2. FRANCOIS was born in 1623, became pastor of the Italian congregation at Geneva, and in 1653 professor of theology. He was sent to Holland on a similar mission to that formerly undertaken by his father Benedetto. He is particularly known as a zealous opponent of the theology of Saumur, SEE AMYRAUT, and defender of orthodoxy in the sense of Dort. He was also one of the originators of the Helvetic Consensus (q.v.) He left numerous works, the more important of which, were reprinted at Edinburgh in 1847 sq.
3. JEAN ALPHONSE, the son of Fran9ois, was born in 1671, and became the pupil of the Cartesian Chouet and of the Arminianizing Louis Tronchin (q.v.) at Geneva. In 1691 he went to Holland to study church history under Spanheim, and in 1692 he visited England, where he became acquainted with Newton and acquired the English language. On his return to the Continent lie sojourned for a time in Paris, and was admitted to the society of men like Bossuet, Mabillon, Malebranche, etc. He availed himself of this opportunity to study Arabic under the tuition of the abbé Langueme. In Geneva he was received into the ministry at the age of twenty-two, and soon afterwards into the Venerable Compagnie des Pasteurs. His ability as an orator at once commanded attention. He was accustomed to follow the English practice of presenting to the view a leading truth or duty; but he made the application of his discourse with greater unction than the English speakers cultivated, and by thus combining the methods of the Genevan and the English pulpit he became the originator of a new method. The arrangement of his sermons was natural and logical, his statement clear and simple, his manner dignified. In 1697 he was made professor of church history, and in 1701 became rector of the academy. The latter honor was conferred upon him ten times, to which fact we are indebted for ten important addresses delivered on the successive days of promotion. He followed Tronchin, in 1705, as professor of systematic theology, though still retaining his own (historical) chair. He wrote upon almost the whole of dogmatics, and connected with these labors exegetical lectures on parts of the New Test.
The influence of Turretini was especially apparent in the management of the enterprise to bring about the abrogation of the Helvetic Consensus as a binding formula.
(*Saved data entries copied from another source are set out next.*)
(* Let $\mathbb{M}\subset\mathbb{T}^d$ be Lebesgue measurable. The set of vectors $\mathbf{a}\in\mathbb{R}^d$ generating an irrelevant direction (together with $\mathbf{0}$) is a linear subspace of $\mathbb{R}^d$. Moreover, if $0<|\mathbb{M}|<|\mathbb{T}^d|$, then at least one standard unit vector $\mathbf{e}_i$ ($1\le i\le d$) generates a relevant direction.
   Context: $\mathbb{T}^d=(\mathbb{R}/2\pi\mathbb{Z})^d$ with Lebesgue measure $|\cdot|$, $|\mathbb{T}^d|=(2\pi)^d$. For $\mathbf{a}\in\mathbb{R}^d$, $\mathbb{M}+\mathbf{a}$ is the translate of $\mathbb{M}$ (mod $2\pi$ in each coordinate), and $\Lambda_{\mathbb{M}}(\mathbf{a})=|\mathbb{M}\setminus(\mathbb{M}+\mathbf{a})|$. A vector $\mathbf{a}\in\mathbb{R}^d$ generates an irrelevant direction (with respect to $\mathbb{M}$) if $\Lambda_{\mathbb{M}}(\kappa\mathbf{a})=0$ for all $\kappa\in\mathbb{R}$; otherwise it generates a relevant direction. $\mathbf{e}_i$ denotes the $i$-th standard unit vector of $\mathbb{R}^d$. *)

From HB Require Import structures.
From mathcomp Require Import all_boot all_order all_algebra.
From mathcomp Require Import all_classical all_reals all_analysis.
Set Implicit Arguments. Unset Strict Implicit. Unset Printing Implicit Defensive.
Import Order.TTheory GRing.Theory Num.Theory.
Local Open Scope classical_set_scope.
Local Open Scope ring_scope.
He kept it before the Venerable Company, the council, and the Two Hundred until a majority were gained over to that project; and he induced Wake, archbishop of Canterbury, to urge the abrogation upon 'leading men throughout Switzerland, and also to persuade the king of England to address an appeal to the cantons in behalf of the same measure. He was also prominent in promoting fraternal relations between Lutherans and Reformed Christians in Geneva, in recognition of which fact he was made a member of the Royal Academy of Berlin, and awarded a gold medal by the Prussian king.
The principal theological works of Turretini, from: which his tendency may most readily be learned, are, Nubes Testium pro Moderato et Pacfico de Rebus Theol. Judicio et Instituenda inter Protestantes Concordia (1729), with a dissertation on the fundamental articles of the faith annexed. Such articles he describes as "quorum cognitio atque fides ad Dei gratiam salutemque obtinendam necessaria est." This dissertation exposed Turretini to attack from two different directions: first, from the Jesuit De Pierre, Lyons, 1728, who sought to show that the Reformed Church had no greater reason to renounce the communion of the Church of Rome than that of the Lutheran Church; and, second, from Crinsons, Protestant pastor of Bionens, 1727. A second and more important work is his Cogitationes et Dissertationes Theologicae, in which he displays a liberal type of orthodoxy. He emphasizes the importance of natural theology in genuine Reformed fashion, but holds that revealed religion has for its object merely the supplementing and completing of what natural religion teaches. He recognizes the existence of mysteries in revealed religion, but zealously rejects foreign and scholastic additions in theology. With respect to the doctrine of the divine decrees, he avoids, as he does everywhere, all extreme statements, but lays hold on the elements of practical utility in, the teaching. With reference to the doctrine of Divine Providence, he represented the optimistic Leibnitzian theory. He followed that philosopher also in his rejection of innate ideas. The Cogitationes contained much apologetical material, and earned for their author an honorable place among apologists (see Pelt, Encyclop. p. 391). The form in which his apologetical ideas were given to the French world of readers by Vernet is, it should be noted, revised and altered, in the first editions with the author's consent, as Vernet claimed; but the improvement progressed with each successive edition, and Vernet clearly reveals the deism of the 18th century in his work.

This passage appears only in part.